APA: Bartz-Beielstein, T. (2026). spotforecast2-safe: Safety-critical subset of spotforecast2 (Version 1.0.1) [Computer software]. https://github.com/sequential-parameter-optimization/spotforecast2-safe

The accompanying technical report (bart26h/index.qmd) is the long-form reference for design rationale, compliance mapping, and evaluation protocol.

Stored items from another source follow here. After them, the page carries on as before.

(* For all $r\ge0$ and $2\le n\le\infty$, a morphism $f\colon A\to B$ of $n$-multicomplexes has the right lifting property with respect to every morphism in $I^n_r$ if and only if $f$ is an $E_r$-quasi-isomorphism and $f$ has the right lifting property with respect to every morphism in $J^n_0\cup J^n_r$. In other words, $I^n_r\text{-inj}=\mathcal E^n_r\cap J^n_0\text{-inj}\cap J^n_r\text{-inj}$.
   Context: Throughout, $R$ is a commutative unital ring. For $1\le n\le\infty$, an $n$-multicomplex is a $\mathbb Z\times\mathbb Z$-bigraded $R$-module $A=\{A^{p,q}\}$ with $R$-linear maps $d_i\colon A\to A$ ($i\ge0$) of bidegree $(-i,1-i)$ such that $\sum_{i+j=l}(-1)^id_id_j=0$ for all $l\ge0$, and $d_i=0$ for all $i\ge n$. Morphisms are bidegree $(0,0)$ maps commuting with all $d_i$; category $\mathrm{Ch}_n$. For a set $S$ of morphisms, $S$-inj is the class of morphisms with the right lifting property with respect to all of $S$. Spectral sequence: $Z_0^{p,q}(A)=A^{p,q}$; for $r\ge1$, $Z_r^{p,q}(A)$ is the set of $a_0\in A^{p,q}$ for which there exist $a_j\in A^{p-j,q-j}$ ($1\le j\le r-1$) with $\sum_{i+j=l}(-1)^id_ia_j=0$ for $0\le l\le r-1$. $B_0=0$, $B_1^{p,q}(A)=A^{p,q}\cap\operatorname{im}d_0$, and for $r\ge2$, $B_r^{p,q}(A)$ is the set of $x\in A^{p,q}$ for which there exist $b_i\in A^{p+r-1-i,q+r-2-i}$ ($0\le i\le r-1$) with $x=\sum_{i=0}^{r-1}(-1)^id_ib_{r-1-i}$ and $\sum_{i=0}^l(-1)^id_ib_{l-i}=0$ for $0\le l\le r-2$. $E_r^{p,q}(A)=Z_r^{p,q}(A)/B_r^{p,q}(A)$, the spectral sequence of the column-filtered total complex. A morphism $f$ is an $E_r$-quasi-isomorphism if $E_{r+1}(f)$ is an isomorphism; $\mathcal E^n_r$ denotes the class of these in $\mathrm{Ch}_n$. Representing objects: $\mathbb D^n(p,q)$ is the free $n$-multicomplex on one generator in bidegree $(p,q)$. $\mathcal ZW^n_0(p,q)=\mathbb D^n(p,q)$ with generator $a_0$. $\mathcal ZW^n_1(p,q)$ is the pushout in $\mathrm{Ch}_n$ of $0\leftarrow\mathbb D^n(p,q+1)\to\mathbb D^n(p,q)$, the right map sending the generator to $d_0a_0$. For $r\ge2$, $\mathcal ZW^n_r(p,q)$ is the pushout in $\mathrm{Ch}_n$ of $\mathcal ZW^n_{r-1}(p,q)\leftarrow\mathbb D^n(p-r+1,q-r+2)\to\mathbb D^n(p-r+1,q-r+1)$, where, writing $x$ for the generator of the middle object and $a_{r-1}$ for that of the right one, the left map sends $x\mapsto\sum_{i=1}^{r-1}(-1)^{i+1}d_ia_{r-1-i}$ and the right map sends $x\mapsto d_0a_{r-1}$; images of $a_0,\dots,a_{r-1}$ keep their names ($a_i$ in bidegree $(p-i,q-i)$). $\mathcal BW^n_0(p,q-1)=0$, $\mathcal BW^n_1(p,q-1)=\mathbb D^n(p,q-1)$, and for $r\ge2$, $\mathcal BW^n_r(p,q-1)=\mathcal ZW^n_{r-1}(p+r-1,q+r-2)\oplus\mathbb D^n(p,q-1)\oplus\mathcal ZW^n_{r-1}(p-1,q-1)$. The morphism $\iota_r\colon\mathcal ZW^n_r(p,q)\to\mathcal BW^n_r(p,q-1)$: $\iota_0=0$; $\iota_1(a_0)=d_0e$ where $e$ generates $\mathbb D^n(p,q-1)$; for $r\ge2$, writing $b_0,\dots,b_{r-2}$, $e$, $c_0,\dots,c_{r-2}$ for the generators of the three summands, $\iota_r(a_j)=d_je+(-1)^j\sum_{i=j+1}^{r+j-1}(-1)^id_ib_{r+j-1-i}+c_{j-1}$ ($0\le j\le r-1$, $c_{-1}:=0$). Generating sets: $I^n_r=\{\iota_{r+1}\colon\mathcal ZW^n_{r+1}(p,q)\to\mathcal BW^n_{r+1}(p,q-1)\}_{p,q\in\mathbb Z}$ and $J^n_r=\{0\to\mathcal ZW^n_r(p,q)\}_{p,q\in\mathbb Z}$. *)

From HB Require Import structures.
From mathcomp Require Import all_boot all_order all_algebra.
Set Implicit Arguments.
Unset Strict Implicit.
Unset Printing Implicit Defensive.
Import Order.TTheory GRing.Theory Num.Theory.
Local Open Scope ring_scope.

Section Multicomplexes.
Variable R : comPzRingType.

(* n : option nat ;  Some m = the finite value m,  None = infinity. *)
Definition above (n : option nat) (i : nat) : bool :=
  if n is Some m then (m <= i)%N else false.

Definition is_lin (U V : lmodType R) (f : U -> V) : Prop :=
  forall (a : R) (u v : U), f (a *: u + v) = a *: f u + f v.

(* Transport between bigraded pieces: the identity when the bidegrees agree,
   zero otherwise. *)
Definition tr (A : int -> int -> lmodType R) (p q p' q' : int) (x : A p q)
  : A p' q' :=
  match p =P p', q =P q' with
  | ReflectT e1, ReflectT e2 =>
      eq_rect q (fun y => A p' y) (eq_rect p (fun z => A z q) x p' e1) q' e2
  | _, _ => 0
  end.
Arguments tr {A p q p' q'} x.

(* The structure map d_i of bidegree (-i,1-i) is encoded
   as the family of all its "matrix blocks" dd i p q p' q' : A^{p,q} -> A^{p',q'},
   which vanish unless (p',q') = (p-i, q+1-i). *)
Unset Implicit Arguments.
Record mcx (n : option nat) := Mcx {
  obj :> int -> int -> lmodType R;
  dd : nat -> forall p q p' q' : int, obj p q -> obj p' q';
  dd_lin : forall i p q p' q', is_lin (dd i p q p' q');
  dd_deg : forall i p q p' q' (x : obj p q),
      (p' != p - i%:Z) || (q' != q + 1 - i%:Z) -> dd i p q p' q' x = 0;
  dd_vanish : forall i p q p' q' (x : obj p q), above n i -> dd i p q p' q' x = 0;
  (* sum_{i+j=l} (-1)^i d_i d_j = 0 *)
  dd_rel : forall (l : nat) (p q p' q' : int) (x : obj p q),
      \sum_(i < l.+1)
         (-1) ^+ i *: dd i (p - (l - i)%N%:Z) (q + 1 - (l - i)%N%:Z) p' q'
                         (dd (l - i) p q (p - (l - i)%N%:Z) (q + 1 - (l - i)%N%:Z) x)
      = 0
}.
Arguments obj {n} m.
Arguments dd {n} m i {p q p' q'} x.

Record mhom (n : option nat) (A B : mcx n) := MHom {
  hf : forall p q, A p q -> B p q;
  hf_lin : forall p q, is_lin (hf p q);
  hf_comm : forall i p q p' q' (x : A p q),
      hf p' q' (dd A i (p' := p') (q' := q') x) = dd B i (hf p q x)
}.
Arguments mhom {n}.
Arguments hf {n A B} m {p q} x.
Set Implicit Arguments.

Definition heq (n : option nat) (A B : mcx n) (f g : mhom A B) : Prop :=
  forall p q (x : A p q), hf f x = hf g x.

Definition rlp (n : option nat) (X Y A B : mcx n) (i : mhom X Y) (f : mhom A B) : Prop :=
  forall (u : mhom X A) (v : mhom Y B),
    (forall p q (x : X p q), hf f (hf u x) = hf v (hf i x)) ->
    exists h : mhom Y A,
      (forall p q (x : X p q), hf h (hf i x) = hf u x) /\
      (forall p q (y : Y p q), hf f (hf h y) = hf v y).

Lemma zero_lin (U V : lmodType R) : is_lin (fun _ : U => (0 : V)).
Proof. by move=> a u v; rewrite scaler0 addr0. Qed.

Definition zero_mcx (n : option nat) : mcx n.
Proof.
refine (@Mcx n (fun _ _ => 'rV[R]_0) (fun _ _ _ _ _ _ => 0) _ _ _ _).
- by move=> *; apply: zero_lin.
- by [].
- by [].
- by move=> *; rewrite big1 // => i _; rewrite scaler0.
Defined.

Lemma lin0 (U V : lmodType R) (f : U -> V) : is_lin f -> f 0 = 0.
Proof.
move=> hf; have := hf 1 0 0; rewrite scaler0 addr0 scale1r => h.
by apply: (@addrI _ (f 0)); rewrite addr0 -h.
Qed.

Definition zero_hom (n : option nat) (Z : mcx n) : mhom (zero_mcx n) Z.
Proof.
refine (@MHom n (zero_mcx n) Z (fun _ _ _ => 0) _ _).
- by move=> *; apply: zero_lin.
- by move=> i p q p' q' x /=; rewrite lin0 //; apply: dd_lin.
Defined.

Definition zrel (n : option nat) (A : mcx n) (P Q : int)
  (a : forall j : nat, A (P - j%:Z) (Q - j%:Z)) (l : nat) : Prop :=
  \sum_(j < l.+1)
     (-1) ^+ (l - j) *: dd A (l - j) (p' := P - l%:Z) (q' := Q - l%:Z + 1) (a j) = 0.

11. Model Card Authors & Contact

This card follows the Hugging Face Model Card Guidebook taxonomy [@ozon22a].

12. How to Audit

For auditors who need to validate this package:

  1. Check pyproject.toml to confirm the absence of prohibited libraries (plotly, matplotlib, spotoptim, optuna, torch, tensorflow).
  2. Run uv run pytest tests/ to verify functional correctness of the matrix transformation and the full test suite.
  3. Run uv run pytest tests/test_cpe.py to verify CPE identifier generation for compliance and SBOM tracking.
  4. Reference the CPE identifiers from §1 in vulnerability tracking systems and supply-chain disclosure documents.
  5. Consult get_cpe_identifier in src/spotforecast2_safe/utils/cpe.py for CPE generation in automated workflows.
  6. Run uv run reuse lint to confirm SPDX/REUSE licensing compliance.

13. Disclaimer & Liability

LIMITATION OF LIABILITY: While this library is designed with safety principles and deterministic logic in mind, it is provided “AS IS” without any warranties. The developers and contributors assume NO LIABILITY for any direct or indirect damages, system failures, or financial losses resulting from the use of this software.

It is the sole responsibility of the system integrator to perform a full system-level safety validation (e.g., as per ISO 26262, IEC 61508, or the EU AI Act) before deploying this software in a production or safety-critical environment.